Another message that is becoming clearer is that, far from reducing traffic, TNCs, as I must learn to call them, add massively to congestion as unoccupied vehicles cruise waiting for a customer.
I also understand that in reality, far from being a low-cost alternative to the taxi, on average Uber users pay just 41 percent of the true cost of their journeys!
Now as a start-up, a loss leader is fine, but this cannot be a long-term sustainable business model. So, adding massively to the congestion that they claim to reduce, being sold for less than half the cost price, I don’t see that the concept has a long-term future, at least not in the present format.
Autonomous vehicles were headline news last time I was there, but they didn’t even rate a mention this time round. I am a fan of the concept, but many of the proponents of the idea seem to simply see AVs as a clever, and safer, way of moving.

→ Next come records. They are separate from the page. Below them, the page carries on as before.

(* For every integer $m \ge 3$, the graph $P_m \boxtimes K_2$ is a planar graph that is closed locally Dirac; in particular there are infinitely many planar closed locally Dirac graphs.
   Context: $P_m$ is the path on $m$ vertices and $K_2$ the complete graph on 2 vertices. The strong product $G \boxtimes H$ has vertex set $V(G)\times V(H)$, with $(u,v)$ adjacent to $(x,y)$ iff either $u=x$ and $vy \in E(H)$, or $v=y$ and $ux \in E(G)$, or $ux \in E(G)$ and $vy \in E(H)$. A graph $G$ is closed locally Dirac if for every vertex $v$, the subgraph $\langle N[v]\rangle$ induced by the closed neighbourhood $N[v]=N(v)\cup\{v\}$ satisfies Dirac's condition, i.e. every vertex of $\langle N[v]\rangle$ has degree in $\langle N[v]\rangle$ at least $|N[v]|/2$. *)

From HB Require Import structures.
From mathcomp Require Import all_boot all_order all_algebra.
From mathcomp Require Import all_classical all_reals topology normedtype.
Set Implicit Arguments. Unset Strict Implicit. Unset Printing Implicit Defensive.
Import Order.TTheory GRing.Theory Num.Theory numFieldNormedType.Exports.

(* A (simple) graph is an adjacency relation [g : rel T] on a finite type T. *)

Definition path_graph (m : nat) : rel 'I_m :=
  fun i j => (i.+1 == j :> nat) || (j.+1 == i :> nat).

Definition complete_graph (n : nat) : rel 'I_n := fun i j => i != j.

Definition strong_prod (T U : finType) (g : rel T) (h : rel U) : rel (T * U) :=
  fun x y => [|| (x.1 == y.1) && h x.2 y.2,
                 (x.2 == y.2) && g x.1 y.1
               | g x.1 y.1 && h x.2 y.2].

Definition closed_nbhd (T : finType) (g : rel T) (v : T) : {set T} :=
  [set w | (w == v) || g v w].

Definition deg_in (T : finType) (g : rel T) (S : {set T}) (w : T) : nat :=
  #|[set x in S | g w x]|.

Definition closed_locally_Dirac (T : finType) (g : rel T) : Prop :=
  forall v w : T, w \in closed_nbhd g v ->
    #|closed_nbhd g v| <= 2 * deg_in g (closed_nbhd g v) w.

Local Open Scope ring_scope.
Local Open Scope classical_set_scope.

(* Planarity: a drawing in the plane R x R, vertices as distinct points,
   each edge uv as a simple arc (continuous, injective on [0,1]) from u to v,
   arc interiors avoiding vertex points and interiors of other edges' arcs. *)
Definition unit_interval (R : realType) : set R := [set t | 0 <= t <= 1].
Definition open_unit_interval (R : realType) : set R := [set t | 0 < t < 1].

Definition planar (R : realType) (T : finType) (g : rel T) : Prop :=
  exists (pos : T -> R * R) (arc : T -> T -> R -> R * R),
    injective pos /\
    (forall u v, g u v ->
       [/\ {within @unit_interval R, continuous (arc u v)},
           {in @unit_interval R &, injective (arc u v)},
           arc u v 0 = pos u, arc u v 1 = pos v &
           forall t w, @open_unit_interval R t -> arc u v t <> pos w]) /\
    (forall u v x y, g u v -> g x y ->
       ~ ((x = u /\ y = v) \/ (x = v /\ y = u)) ->
       forall s t, @open_unit_interval R s -> @open_unit_interval R t ->
         arc u v s <> arc x y t).

From mathcomp Require Import all_boot all_order all_algebra.
From mathcomp Require Import all_classical all_reals topology normedtype.
From mathcomp Require Import zify ring lra.
Import Order.TTheory GRing.Theory Num.Theory numFieldNormedType.Exports.

(* Write the vertices of P_m ⊠ K_n as (column, row) and note that two
   vertices are adjacent iff they are distinct and their columns differ by at
   most one.  So N[v] consists of at most three columns, among them the whole
   column of v, and a vertex w of N[v] sees everything in N[v] but itself when
   it lies in v's column, and otherwise at least v's column and the rest of its
   own column; with n >= 2 this is at least half of |N[v]| <= 3n.

   For planarity, put (i, a) at (±(i+1), 0), the sign chosen by a, and measure
   points by the gauge x^2 + |y|, whose level set at r^2 is the pair of
   parabolic arcs |y| = r^2 - x^2 through (±r, 0).  Each edge is drawn so that
   the square root of the gauge moves linearly from one endpoint's radius to
   the other's: the rung inside column i runs along the upper arc of level
   i+1; of the four edges spanning columns i and i+1, the two that keep their
   row run along the x-axis and the two that switch it through the open
   annulus between, one above and one below the axis.  The gauge of a point
   therefore determines the column and the parameter, and its signs determine
   the edge. *)

Lemma strong_prod_path_completeE m n (x y : 'I_m * 'I_n) :
  strong_prod (@path_graph m) (@complete_graph n) x y =
  [&& x != y, x.1 <= y.1 + 1 & y.1 <= x.1 + 1].
Proof.
case: x => i a; case: y => j b.
rewrite /strong_prod /path_graph /complete_graph /= xpair_eqE -!val_eqE /=.
by case: (a == b :> nat) => /=; lia.
Qed.

Section StrongProdPathComplete.
Variables m n : nat.
Local Notation V := ('I_m * 'I_n)%type.
Local Notation G := (strong_prod (@path_graph m) (@complete_graph n)).

Lemma in_closed_nbhd_path_complete (v w : V) :
  (w \in closed_nbhd G v) = (w.1 <= v.1 + 1) && (v.1 <= w.1 + 1).
Proof.
rewrite /closed_nbhd inE strong_prod_path_completeE [v == w]eq_sym.
by case: eqP => [-> | _] /=; lia.
Qed.

Lemma strong_prod_path_complete_sym : symmetric G.
Proof.
by move=> u v; rewrite !strong_prod_path_completeE eq_sym; case: (v == u) => /=; lia.
Qed.

Definition column (j : 'I_m) : {set V} := [set x | x.1 == j].

Lemma card_column j : #|column j| = n.
Proof.
have -> : column j = finset.setX [set j] [set: 'I_n].
  by apply/finset.setP => -[i a]; rewrite !inE andbT.
by rewrite cardsX cards1 cardsT card_ord mul1n.
Qed.

Lemma card_column_D1 (x : V) : #|column x.1 :\ x| = n.-1.
Proof.
have := cardsD1 x (column x.1); rewrite card_column inE eqxx.
by move=> /(congr1 predn) ->.
Qed.

Lemma column_sub_closed_nbhd (v : V) : column v.1 \subset closed_nbhd G v.
Proof.
by apply/fintype.subsetP => x; rewrite inE in_closed_nbhd_path_complete => /eqP ->; lia.
Qed.

Lemma card_closed_nbhd_le (v : V) : #|closed_nbhd G v| <= 3 * n.
Proof.
pose f (x : V) : 'I_3 * 'I_n := (inord (x.1 + 1 - v.1), x.2).
have f_inj : {in closed_nbhd G v &, injective f}.
  move=> [i a] [j b]; rewrite !in_closed_nbhd_path_complete /= => hi hj.
  case=> /(congr1 val) /=; rewrite !inordK; try lia.
  by move=> eij ->; congr pair; apply/val_inj => /=; lia.
rewrite -(card_in_imset f_inj); apply: leq_trans (max_card _) _.
by rewrite card_prod !card_ord mulnC.
Qed.

Lemma deg_in_closed_nbhd_same_column {v w : V} :
  w \in closed_nbhd G v -> w.1 = v.1 ->
  deg_in G (closed_nbhd G v) w = #|closed_nbhd G v| - 1.
Proof.
move=> wN wv; rewrite /deg_in.
have -> : [set x in closed_nbhd G v | G w x] = closed_nbhd G v :\ w.
  apply/finset.setP => x; rewrite in_setD1 finset.in_set.
  rewrite !in_closed_nbhd_path_complete strong_prod_path_completeE wv [w == x]eq_sym.
  by case: (x == w) => /=; lia.
by rewrite [#|closed_nbhd G v|](cardsD1 w) wN add1n subn1.
Qed.

Lemma deg_in_closed_nbhd_other_column {v w : V} :
  w \in closed_nbhd G v -> w.1 != v.1 ->
  (2 * n).-1 <= deg_in G (closed_nbhd G v) w.
Proof.
move=> wN wv; rewrite in_closed_nbhd_path_complete in wN.
have disj : column v.1 :&: (column w.1 :\ w) = finset.set0.
  apply/finset.setP => x; rewrite !inE; apply/negbTE.
  by apply: contra wv => /and3P[/eqP <- _ /eqP ->].
have sub : column v.1 :|: (column w.1 :\ w) \subset [set x in closed_nbhd G v | G w x].
  apply/fintype.subsetP => x hx; rewrite inE in_closed_nbhd_path_complete.
  rewrite strong_prod_path_completeE [w == x]eq_sym.
  move: hx; rewrite !inE; case/orP=> [/eqP xv | /andP[-> /eqP ->]]; last by lia.
  have -> : x != w by apply: contra wv => /eqP <-; rewrite xv.
  by rewrite xv; lia.
rewrite /deg_in; apply: leq_trans (subset_leq_card sub).
rewrite cardsU disj finset.cards0 subn0 card_column.
by rewrite card_column_D1; lia.
Qed.

Lemma closed_locally_Dirac_strong_prod_path_complete :
  1 < n -> closed_locally_Dirac G.
Proof.
move=> n_gt1 v w wN.
have col_le : n <= #|closed_nbhd G v|.
  by have := subset_leq_card (column_sub_closed_nbhd v); rewrite card_column.
have [wv | wv] := eqVneq w.1 v.1.
  by rewrite deg_in_closed_nbhd_same_column //; lia.
have := deg_in_closed_nbhd_other_column wN wv.
have := card_closed_nbhd_le v; lia.
Qed.

End StrongProdPathComplete.

Section RealContinuity.
Variable R : realType.
Local Open Scope ring_scope.
Implicit Types f g : R -> R.

Lemma continuous_addf f g :
  continuous f -> continuous g -> continuous (fun t => f t + g t).
Proof. by move=> cf cg t; exact: (cvgD (cf t) (cg t)). Qed.

Lemma continuous_mulf f g :
  continuous f -> continuous g -> continuous (fun t => f t * g t).
Proof. by move=> cf cg t; exact: (cvgM (cf t) (cg t)). Qed.

Lemma continuous_sqrf f : continuous f -> continuous (fun t => f t ^+ 2).
Proof. by move=> cf; apply: continuous_mulf. Qed.

Lemma continuous_oppf f : continuous f -> continuous (fun t => - f t).
Proof. by move=> cf t; exact: (cvgN (cf t)). Qed.

Lemma continuous_pairf f g :
  continuous f -> continuous g -> continuous (fun t => (f t, g t)).
Proof. by move=> cf cg t; exact: (cvg_pair (cf t) (cg t)). Qed.

End RealContinuity.

Section PlanarDrawing.
Variable R : realType.
Local Open Scope ring_scope.

Definition radius (i : nat) : R := i.+1%:R.

Lemma radius_ge1 i : 1 <= radius i.
Proof. by rewrite ler1n. Qed.

Lemma radiusS i : radius i.+1 = radius i + 1.
Proof. by rewrite /radius -natr1. Qed.

Lemma radius_inj : injective radius.
Proof. by move=> i j /eqP; rewrite eqr_nat => /eqP []. Qed.

Lemma radius_add1_le {i j : nat} : (i < j)%N -> radius i + 1 <= radius j.
Proof. by move=> ij; rewrite -radiusS ler_nat ltnS. Qed.

Lemma radius_neq_addr {i j : nat} {t : R} : 0 < t < 1 -> radius i <> radius j + t.
Proof.
move=> /andP[t0 t1]; case: (ltngtP i j) => [ij|ji|<-] eij.
- by have := radius_add1_le ij; lra.
- by have := radius_add1_le ji; lra.
- by lra.
Qed.

Lemma radius_addr_inj {i j : nat} {s t : R} : 0 < s < 1 -> 0 < t < 1 ->
  radius i + s = radius j + t -> i = j.
Proof.
move=> /andP[s0 s1] /andP[t0 t1]; case: (ltngtP i j) => // [ij|ji] eij; exfalso.
- by have := radius_add1_le ij; lra.
- by have := radius_add1_le ji; lra.
Qed.

Lemma lt01_le01 {t : R} : 0 < t < 1 -> 0 <= t <= 1.
Proof. by case/andP=> t0 t1; rewrite !ltW. Qed.

Definition side (a : 'I_2) : R := if a == ord0 then 1 else -1.

Lemma side_neq0 a : side a != 0.
Proof. by rewrite /side; case: ifP => _; rewrite ?oppr_eq0 oner_eq0. Qed.

Lemma normr_side a : `|side a| = 1.
Proof. by rewrite /side; case: ifP => _; rewrite ?normrN normr1. Qed.

Lemma sqr_side a : side a ^+ 2 = 1.
Proof. by rewrite /side; case: ifP => _; rewrite ?sqrrN expr1n. Qed.

Lemma ord2_neq_eq (a b c : 'I_2) : b != a -> c != a -> b = c.
Proof. by case: a b c => [[|[|?]] ?] [[|[|?]] ?] [[|[|?]] ?] //= _ _; apply: val_inj. Qed.

Lemma side_neq {a b : 'I_2} : a != b -> side b = - side a.
Proof.
by case: a b => [[|[|?]] ?] [[|[|?]] ?] //= _; rewrite /side /= ?opprK.
Qed.

Lemma side_inj : injective side.
Proof.
move=> a b eab; have [// | /side_neq ba] := eqVneq a b.
have : side a = 0 by move: eab; rewrite ba; lra.
by move/eqP; rewrite (negbTE (side_neq0 a)).
Qed.

Variable m : nat.
Local Notation V := ('I_m * 'I_2)%type.
Local Notation G := (strong_prod (@path_graph m) (@complete_graph 2)).
Implicit Types (u v x y : V) (s t : R).

Lemma eq_vertex x y : x.1 = y.1 :> nat -> x.2 = y.2 -> x = y.
Proof. by case: x y => [i a] [j b] /= /val_inj -> ->. Qed.

Definition vertex_pos x : R * R := (side x.2 * radius x.1, 0).

Definition arc_radius u v t : R := (1 - t) * radius u.1 + t * radius v.1.

Definition arc_height u v t : R := 4 * arc_radius u v t ^+ 2 * (t * (1 - t)).

Definition arc_tilt u v : R :=
  if (u.1 < v.1)%N then side u.2 else if (v.1 < u.1)%N then side v.2 else 1.

Definition edge_arc u v t : R * R :=
  if u.2 == v.2 then (side u.2 * arc_radius u v t, 0)
  else (side u.2 * arc_radius u v t * (1 - 2 * t), arc_tilt u v * arc_height u v t).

They really haven’t thought through the down time issues through. I believe that about 85 percent of people in the U.S.A.’s biggest cities drive to work. For sure, if vehicles are a common asset, and that’s a big if, then some of these vehicles will be reused during the day, but most will park.
The only impact that I can see is that there may be some benefit because AV storage will require less space meaning that we can sell more slots in a given footprint.
Shoup Shape
And finally, Professor Shoup. Four years ago, he was a super star, the New Messiah saying the unsayable and giving the whole industry a massive and overdue shake up.
I have always felt that Donald’s most important message has largely been ignored. He showed, beyond reasonable doubt that the trip generation data that was being used nationwide to demand large amounts of parking at new developments was, to be polite, unsustainable pseudo-science; or to be blunt, bullshit.
However, instead of a public outcry about this we seem to have got hung up on his theories about curb parking vacancy rates and the like. Shoup quite correctly criticizes the ITE for projecting national parking requirements from too few data points and then repeats the same mistake himself for espousing universal truths, based on observations in one neighbourhood in LA and the lot outside his office window.
This has upset quite a few people and “fixing the resultant mess” (not my words) seems to be creating a whole new area of work for some of those at Temecula.
NPA, very interesting. Walking the show floor, it seemed as much a software trade show as selling parking hardware. John Van Horn made a very valid point (it had to happen), thinking aloud he wondered just how many of the 55 first time exhibitors would be around in 12 months? I have had similar thoughts about shows in the UK, and the answer is not many.